# [Your instructions]
The entries below contain a line with "(0 < p)%nat" and a line with "assert (Hagree : forall". Retype exactly everything from the first down to the second, both included, and nothing else.

[[ Entries provided, beginning ]]

Lemma sphere_invK : involutive (@sphere_inv F).
Proof.
case=> [w|]; last by rewrite /= eqxx.
have [-> | w0] := eqVneq w 0; first by rewrite /= eqxx.
by rewrite /= (negbTE w0) /= invr_eq0 (negbTE w0) invrK.
Qed.

Lemma sphere_inv0 : sphere_inv (Some 0) = None :> sphere F.
Proof. by rewrite /= eqxx. Qed.

Lemma sphere_invV w : w != 0 -> sphere_inv (Some w) = Some w^-1 :> sphere F.
Proof. by move=> w0; rewrite /= (negbTE w0). Qed.

Lemma sphere_inv_ratio a b : (a != 0) || (b != 0) ->
  sphere_inv (sphere_ratio a b) = sphere_ratio b a.
Proof.
rewrite /sphere_ratio; case: (eqVneq b 0) => [-> | b0 _] /=.
  by rewrite orbF => a0; rewrite (negbTE a0) mul0r.
rewrite mulf_eq0 invr_eq0 (negbTE b0) orbF.
by case: (eqVneq a 0) => //= _; rewrite invf_div.
Qed.

Lemma sphere_ratioMl c a b : c != 0 -> sphere_ratio (c * a) (c * b) = sphere_ratio a b.
Proof.
move=> c0; rewrite /sphere_ratio mulf_eq0 (negbTE c0) /=.
by case: eqP => // _; rewrite invfM mulrACA mulfV ?mul1r.
Qed.

Lemma sphere_ratio_cross a b c d : sphere_ratio a b = sphere_ratio c d -> a * d = c * b.
Proof.
rewrite /sphere_ratio.
case: (eqVneq b 0) => [-> | b0]; case: (eqVneq d 0) => [-> | d0] //=.
  by rewrite !mulr0.
by case=> /eqP; rewrite eqr_div // => /eqP.
Qed.

Lemma sphere_ratio_id a : a != 0 -> sphere_ratio a a = Some 1.
Proof. by move=> a0; rewrite /sphere_ratio (negbTE a0) divff. Qed.

End SphereRatio.

Section BlaschkeProduct.
Variable F : numFieldType.
Implicit Types (r : sphere F) (n : nat).

Definition blaschke_den r : {poly F} := if r is Some r then 1 - r *: 'X else 'X.

Lemma blaschke_den_neq0 r : blaschke_den r != 0.
Proof.
case: r => [r|] /=; last by rewrite polyX_eq0.
apply: contra_neq (@oner_neq0 F) => /(congr1 (fun p : {poly F} => p`_0)).
by rewrite coefB coef1 coefZ coefX mulr0 subr0 coef0.
Qed.

Lemma size_blaschke_den r : (size (blaschke_den r) <= 2)%N.
Proof.
case: r => [r|] /=; last by rewrite size_polyX.
apply: leq_trans (size_polyD _ _) _; rewrite size_polyN size_poly1 geq_max /=.
by rewrite (leq_trans (size_scale_leq _ _)) ?size_polyX.
Qed.
Lemma recip_polyM w N : w != 0 ->
  recip_poly w N * (w%:P + tailp N) = 1 - (- w^-1 *: tailp N) ^+ N.+1.
Proof.
move=> w_neq0; set Z := - w^-1 *: tailp N.
have -> : recip_poly w N = w^-1 *: \sum_(K < N.+1) Z ^+ K.
  rewrite /recip_poly scaler_sumr; apply: eq_bigr => K _.
  rewrite /Z exprZn scalerA; congr (_ *: _).
  by rewrite [in RHS]exprNn exprVn exprS invfM; ring.
have -> : w%:P + tailp N = w *: (1 - Z).
  by rewrite scalerBr /Z scalerA mulrN divff // scaleN1r opprK -alg_polyC.
rewrite -scalerAl -scalerAr scalerA mulVf // scale1r.
by rewrite -[1 - Z ^+ _]opprB subrX1 -mulNr opprB mulrC.
Qed.

Lemma recip_coef_conv l : a 0 != 0 ->
  \sum_(j < l.+1) recip_coef (a 0) j * a (l - j)%N = (l == 0)%:R.
Proof.
move=> a0_neq0.
have : (recip_poly (a 0) l * ((a 0)%:P + tailp l))`_l = (l == 0)%:R.
  rewrite recip_polyM // coefB coef1 coef_expr_lt ?subr0 //.
  by rewrite coefZ coef_tailp mulr0.
rewrite coefM => <-; apply: eq_bigr => j _.
rewrite recip_coefE -(@coef_recip_poly_stable _ j l (ltn_ord j)) coefD coefC coef_tailp.
by case: (l - j)%N (leq_subr j l) => [|k] kl /=; rewrite ?addr0 ?add0r ?kl.
Qed.

End ReciprocalSeries.

Lemma binomial_conv_pascal (R : comNzSemiRingType) (F G : nat -> R) m :
  \sum_(j < m.+1) 'C(m, j)%:R * (F j * G (m - j).+1 + G (m - j)%N * F j.+1) =
  \sum_(j < m.+2) 'C(m.+1, j)%:R * (F j * G (m.+1 - j)%N).
Proof.
rewrite [RHS]big_ord_recl /=.
under [X in _ = _ + X]eq_bigr do rewrite subSS binS natrD mulrDl.
rewrite big_split /= addrA.
under eq_bigr do rewrite mulrDr.
rewrite big_split /=; congr (_ + _); last first.
  by apply: eq_bigr => j _; rewrite [G _ * _]mulrC.
rewrite big_ord_recl [in RHS]big_ord_recr /= !bin0 !subn0 (bin_small (ltnSn m)) mul0r addr0.
congr (_ + _); apply: eq_bigr => j _.
by rewrite /bump /= add1n subnSK.
Qed.

Lemma binomial_conv_taylor (R : numFieldType) (f g : nat -> R) m :
  (\sum_(j < m.+1) 'C(m, j)%:R * (f j * g (m - j)%N)) / (m`!)%:R =
  \sum_(j < m.+1) f j / (j`!)%:R * (g (m - j)%N / ((m - j)`!)%:R).
Proof.
rewrite mulr_suml; apply: eq_bigr => j _.
have jm : (j <= m)%N := ltn_ord j.
have bin_neq0 : 'C(m, j)%:R != 0 :> R by rewrite pnatr_eq0 -lt0n bin_gt0.
rewrite -(bin_fact jm) !natrM; field.
by rewrite bin_neq0 !natr_fact_neq0.
Qed.

Section DerivableOn.
Variable R : numFieldType.
Implicit Types (f g : R -> R) (U : set R).

Definition derivable_n_on U n f :=
  forall k, (k < n)%N -> forall t, U t -> derivable (derive1n k f) t 1.

Lemma derivable_n_onW U m n f :
  (m <= n)%N -> derivable_n_on U n f -> derivable_n_on U m f.
Proof. by move=> mn df k km; apply: df; exact: leq_trans km mn. Qed.

Lemma derivable_n_on_sub U V n f :
  (U `<=` V)%classic -> derivable_n_on V n f -> derivable_n_on U n f.
Proof. by move=> UV df k kn t /UV; exact: df. Qed.

Lemma derive1n_eq_on U f g : open U -> (forall t, U t -> f t = g t) ->
  forall k t, U t -> derive1n k f t = derive1n k g t.
Proof.
move=> oU fg; elim=> [|k IHk] t Ut; first exact: fg.
rewrite !derive1nS !derive1E; apply: near_eq_derive.
by apply: filterS (open_nbhs_nbhs (conj oU Ut)) => s /IHk.
Qed.

Lemma derive1nM_on U f g m : open U ->
  derivable_n_on U m f -> derivable_n_on U m g ->
  forall t, U t -> derive1n m (fun s => f s * g s) t =
    \sum_(j < m.+1) 'C(m, j)%:R * (derive1n j f t * derive1n (m - j) g t).
Proof.
move=> oU; elim: m => [|m IHm] df dg t Ut; first by rewrite big_ord1 mul1r.
have {}IHm := IHm (derivable_n_onW (leqnSn m) df) (derivable_n_onW (leqnSn m) dg).
pose H := \sum_(j < m.+1) 'C(m, j)%:R *: (derive1n j f * derive1n (m - j) g).
have df' (j : 'I_m.+1) : derivable (derive1n j f) t 1 := df j (ltn_ord j) t Ut.
have dg' (j : 'I_m.+1) : derivable (derive1n (m - j) g) t 1.
  by apply: dg => //; rewrite ltnS leq_subr.
rewrite derive1nS derive1E (@near_eq_derive _ _ _ _ H); last first.
  apply: filterS (open_nbhs_nbhs (conj oU Ut)) => s Us.
  by rewrite IHm // /H fct_sumE; apply: eq_bigr.
rewrite /H derive_sum => [|j]; last exact/derivableZ/derivableM.
rewrite -(binomial_conv_pascal (fun j => derive1n j f t) (fun j => derive1n j g t)).
apply: eq_bigr => j _.
by rewrite deriveZ ?deriveM -?derive1E //; exact/derivableM.
Qed.

Lemma derivable_n_on_div U n f g : open U -> (forall t, U t -> g t != 0) ->
  derivable_n_on U n f -> derivable_n_on U n g ->
  derivable_n_on U n (fun t => f t / g t).
Proof.
move=> oU g_neq0 df dg; set q := fun t => f t / g t.
have qgE s : U s -> q s * g s = f s by move=> Us; rewrite /q divfK ?g_neq0.
suff dq k : (k <= n)%N -> derivable_n_on U k q by exact: dq.
elim: k => [_ ? //|k IHk] kn.
have dqk := IHk (ltnW kn); have dgk := derivable_n_onW (ltnW kn) dg.
move=> j; rewrite ltnS leq_eqVlt => /orP[/eqP -> t Ut|]; last exact: dqk.
(* On U, Leibniz's rule for q * g = f gives q^(k) through f^(k), g and lower derivatives
   of q. *)
pose E := (derive1n k f - \sum_(j < k) 'C(k, j)%:R *: (derive1n j q * derive1n (k - j) g)) *
  (fun s => (g s)^-1).
apply: (@near_eq_derivable _ _ _ E).
  apply: filterS (open_nbhs_nbhs (conj oU Ut)) => s Us.
  rewrite /E !fctE /= fct_sumE.
  have := derive1nM_on oU dqk dgk Us.
  rewrite (derive1n_eq_on oU qgE) // big_ord_recr /= subnn binn mul1r => ->.
  under [X in _ - X]eq_bigr do rewrite !fctE.
  by rewrite addrAC subrr add0r mulfK ?g_neq0.
have n_gt0 : (0 < n)%N := leq_ltn_trans (leq0n k) kn.
apply: derivableM; last exact: derivableV (g_neq0 _ Ut) (dg 0%N n_gt0 t Ut).
apply: derivableB; first exact: df.
apply: derivable_sum => i; apply/derivableZ/derivableM.
  exact: dqk (ltn_ord i) t Ut.
by apply: dg => //; rewrite (leq_ltn_trans (leq_subr _ _) kn).
Qed.

End DerivableOn.

Lemma derive1n_div_leibniz (R : realType) (u v : R -> R) n x m :
  derivable_n_on setT n u -> derivable_n_on setT n v -> v x != 0 -> (m <= n)%N ->
  derive1n m u x = \sum_(j < m.+1)
    'C(m, j)%:R * (derive1n j (fun t => u t / v t) x * derive1n (m - j) v x).
Proof.
(* For n = 0 the set where v does not vanish need not be open, but then m = 0. *)
move=> du dv vx; case: n du dv => [|n] du dv mn.
  by move: mn; rewrite leqn0 => /eqP ->; rewrite big_ord1 mul1r /= divfK.
pose U := [set t | v t != 0]%classic.
have oU : open U.
  apply: (@open_comp _ _ v [set y | y != 0]%classic); last exact: open_neq.
  by move=> t _; apply/differentiable_continuous/derivable1_diffP; exact: (dv 0%N isT t I).
have duU := derivable_n_on_sub (subsetT U) du.
have dvU := derivable_n_on_sub (subsetT U) dv.
rewrite -(derive1n_eq_on (f := fun t => u t / v t * v t) oU) // => [|t vt];
  last by rewrite divfK.
apply: (derive1nM_on oU) => //; apply: derivable_n_onW mn _ => //.
exact: derivable_n_on_div.
Qed.

Theorem theorem3p1 (R : realType) (n : nat) (u v : R -> R)
  (hu : forall k, (k < n)%N -> forall t, derivable (derive1n k u) t 1)
  (hv : forall k, (k < n)%N -> forall t, derivable (derive1n k v) t 1)
  (x : R) (hx : v x != 0) :
  derive1n n (fun t => u t / v t) x =
  (n`!)%:R * \sum_(l < n.+1)
     (derive1n (n - l) u x / ((n - l)`!)%:R *
      \sum_(y in partitions_of l)
        (multinom R (\sum_(i < l) (y i : nat))%N (fun i => (y i : nat)) *
         (-1) ^+ (\sum_(i < l) (y i : nat))%N
         / v x ^+ (\sum_(i < l) (y i : nat)).+1 *
         \prod_(i < l) (derive1n i.+1 v x / ((i.+1)`!)%:R) ^+ (y i : nat))).
Proof.
set q := fun t => u t / v t.
pose taylor (f : R -> R) i := derive1n i f x / (i`!)%:R.
have taylor_v0 : taylor v 0%N = v x by rewrite /taylor divr1.
have conv_qv m : (m <= n)%N ->
    \sum_(j < m.+1) taylor q j * taylor v (m - j)%N = taylor u m.
  move=> mn; rewrite /taylor (derive1n_div_leibniz _ _ hx mn).
  - by rewrite (binomial_conv_taylor (fun j => derive1n j q x) (fun j => derive1n j v x)).
  - by move=> k kn t _; exact: hu.
  - by move=> k kn t _; exact: hv.
have conv_recip m : (m <= n)%N ->
    \sum_(j < m.+1) recip_coef (taylor v) (taylor v 0%N) j * taylor v (m - j)%N = (m == 0)%:R.
  by move=> _; apply: recip_coef_conv; rewrite taylor_v0.
have -> : derive1n n q x = (n`!)%:R * taylor q n.
  by rewrite /taylor mulrC divfK ?natr_fact_neq0.
by rewrite (conv_inverse_solve conv_qv conv_recip) taylor_v0.
Qed.
Lemma cycle_weight_ge p B i :
  (0 < p)%nat -> locally_identifying S r m B ->
  window B i K = window B (i + Z.of_nat p) K ->
  (c0 * p <= weight B i p * p0)%nat.
Proof.
  revert B i. induction p as [p IH] using lt_wf_ind. intros B i Hp HB Hrep.
  pose proof (locally_identifying_periodize B i p Hp HB Hrep) as Hcode.
  destruct (le_lt_dec p (2 ^ K)) as [Hshort|Hlong].
  { pose proof (min_ratio (window B i p)) as Hmin. rewrite window_length in Hmin.
    apply Hmin; [lia|exact Hcode]. }
  set (P := fun z => periodize (window B i p) (z - i)).
  assert (Hagree : forall z, i <= z < i + Z.of_nat p + Z.of_nat K -> P z = B z)
    by (intros z Hz; apply (periodize_window_agree B i p K Hp Hrep), Hz).
  assert (Hper : periodic P (Z.of_nat p)).
  { intros z. unfold P.
    replace (z + Z.of_nat p - i) with (z - i + 1 * Z.of_nat (length (window B i p)))
      by (rewrite window_length; lia).
    apply periodize_add_mul. }
  assert (HP : locally_identifying S r m P).
  { replace P with (fun z => periodize (window B i p) (z + - i))
      by (apply functional_extensionality; intros z; unfold P; f_equal; lia).
    apply locally_identifying_translate, Hcode. }
  destruct (pigeonhole_shift (fun t => window B t K) (bool_words K) i (2 ^ K + 1))
    as [x [y [Hxy Hxy_rep]]].
  { rewrite length_bool_words. lia. }
  { intros t _. apply in_bool_words, window_length. }
  cbv beta in Hxy_rep. set (d := (y - x)%nat).
  (* one full period of P, starting at i + x, splits into the cycle [x, y) of B
     and a cycle of P of length p - d *)
  assert (Hsplit : weight B i p
                   = (weight B (i + Z.of_nat x) d + weight P (i + Z.of_nat x + Z.of_nat d) (p - d))%nat).
  { rewrite (weight_ext B P i i p) by (intros k Hk; symmetry; apply Hagree; lia).
    rewrite (weight_periodic_shift P p i (i + Z.of_nat x) Hper).
    replace p with (d + (p - d))%nat at 1 by lia. rewrite weight_add.
    f_equal. apply weight_ext. intros k Hk. apply Hagree. lia. }
  assert (Hfirst : (c0 * d <= weight B (i + Z.of_nat x) d * p0)%nat).
  { apply IH; [lia|lia|exact HB|]. rewrite Hxy_rep. f_equal. lia. }
  assert (Hsecond : (c0 * (p - d) <= weight P (i + Z.of_nat x + Z.of_nat d) (p - d) * p0)%nat).
  { apply IH; [lia|lia|exact HP|].
    replace (i + Z.of_nat x + Z.of_nat d + Z.of_nat (p - d)) with (i + Z.of_nat x + Z.of_nat p) by lia.
    transitivity (window B (i + Z.of_nat y) K).
    - apply window_ext. intros k Hk. rewrite Hagree by lia. f_equal. lia.
    - rewrite <- Hxy_rep. apply window_ext. intros k Hk.
      replace (i + Z.of_nat x + Z.of_nat p + Z.of_nat k)
        with (i + Z.of_nat x + Z.of_nat k + Z.of_nat p) by lia.
      rewrite Hper, Hagree by lia. reflexivity. }
  rewrite Hsplit. nia.
Qed.
Lemma uN_time f K T s t x : 0 <= K -> wlipschitz f K -> inD x -> 0 <= s <= t -> t <= T ->
  `|uN kappa d N1 N2 f t x - uN kappa d N1 N2 f s x| <=
  3 * K * ((2 + 2 * kappa * Num.sqrt T) * Num.sqrt (t - s)).
Proof.
move=> K0 f_lip Dx /andP[s0 st] tT; rewrite !uN_iter; have n1 := N1r_gt0.
have sN0 : 0 <= s * N1%:R by rewrite mulr_ge0 ?ler0n.
have tN0 : 0 <= t * N1%:R by rewrite mulr_ge0 ?ler0n // (le_trans s0 st).
have /andP[ns_le ns_gt] := truncn_itv sN0; have /andP[nt_le nt_gt] := truncn_itv tN0.
rewrite -natr1 in ns_gt nt_gt.
have le_n : (Num.truncn (s * N1%:R) <= Num.truncn (t * N1%:R))%N.
  by apply: le_truncn; rewrite ler_wpM2r ?ler0n.
set ns := Num.truncn _ in ns_le ns_gt le_n *; set nt := Num.truncn _ in nt_le nt_gt le_n *.
have gapE : (nt - ns)%:R + (t * N1%:R - nt%:R) - (s * N1%:R - ns%:R) = N1%:R * (t - s).
  by rewrite natrB //; ring.
rewrite -{1}(subnKC le_n) iterD -(opB (markov_iter ns)) //.
apply: (op_norm_le (markov_iter ns)) => // w Dw.
apply: iter_Pfrac_dev => //; rewrite ?gapE.
- by apply/andP; split; lra.
- by apply/andP; split; lra.
- by rewrite mulr_ge0 ?ler0n ?subr_ge0.
- by move=> r r_itv; apply: spread_le r_itv _; rewrite subr_ge0 st /=; lra.
Qed.

End Chain.

Theorem lemma3 (R : realType) (kappa d T L : R) :
  0 < kappa -> 0 < d -> d <= 1 -> 0 < T -> 0 <= L ->
  exists C : R,
    forall (N1 N2 : nat) (f : R * R -> R),
      (0 < N1)%N ->
      N2%:R = d * N1%:R ->
      kappa / N1%:R <= 1 ->
      lipschitz_on_D f L ->
      f (0, 0) = 0 -> f (1, 1) = 0 ->
      forall (x y : R * R) (s t : R),
        inD x -> inD y -> 0 <= s <= T -> 0 <= t <= T ->
        `|uN kappa d N1 N2 f t x - uN kappa d N1 N2 f t y| <= C * dist2 x y /\
        `|uN kappa d N1 N2 f t x - uN kappa d N1 N2 f s x| <= C * Num.sqrt `|t - s|.
Proof.
move=> kappa_gt0 d_gt0 d_le1 _ L_ge0; set K := L / d.
have K_ge0 : 0 <= K by rewrite divr_ge0 // ltW.
exists (3 * K * (2 + 2 * kappa * Num.sqrt T)).
move=> N1 N2 f N1_gt0 N2E a_le1 f_lip _ _ x y s t Dx Dy /andP[s0 sT] /andP[t0 tT].
have f_wlip := wlipschitz_lipschitz d_gt0 d_le1 L_ge0 f_lip.
have time_bound := uN_time kappa_gt0 d_gt0 d_le1 N1_gt0 N2E a_le1 K_ge0 f_wlip Dx.
split.
- rewrite (le_trans (uN_space kappa_gt0 d_gt0 d_le1 N1_gt0 N2E a_le1 K_ge0 f_wlip t0 Dx Dy)) //.
  rewrite (le_trans (ler_wpM2l K_ge0 (wdist_le_dist2 d_le1 x y))) // mulrA.
  apply: ler_wpM2r; first exact: sqrtr_ge0.
  rewrite [3 * K]mulrC -[K * 3 * _]mulrA; apply: ler_wpM2l => //.
  by have := mulr_ge0 (ltW kappa_gt0) (sqrtr_ge0 T); lra.
- have [le_st|lt_ts] := leP s t.
    by rewrite [`|t - s|]ger0_norm ?subr_ge0 // -mulrA time_bound ?s0.
  rewrite distrC [`|t - s|]distrC [`|s - t|]ger0_norm ?subr_ge0 ?(ltW lt_ts) // -mulrA.
  by rewrite time_bound ?t0 ?(ltW lt_ts).
Qed.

[[ Entries provided, end ]]

# [Solution to this problem]
  (0 < p)%nat -> locally_identifying S r m B ->
  window B i K = window B (i + Z.of_nat p) K ->
  (c0 * p <= weight B i p * p0)%nat.
Proof.
  revert B i. induction p as [p IH] using lt_wf_ind. intros B i Hp HB Hrep.
  pose proof (locally_identifying_periodize B i p Hp HB Hrep) as Hcode.
  destruct (le_lt_dec p (2 ^ K)) as [Hshort|Hlong].
  { pose proof (min_ratio (window B i p)) as Hmin. rewrite window_length in Hmin.
    apply Hmin; [lia|exact Hcode]. }
  set (P := fun z => periodize (window B i p) (z - i)).
  assert (Hagree : forall z, i <= z < i + Z.of_nat p + Z.of_nat K -> P z = B z)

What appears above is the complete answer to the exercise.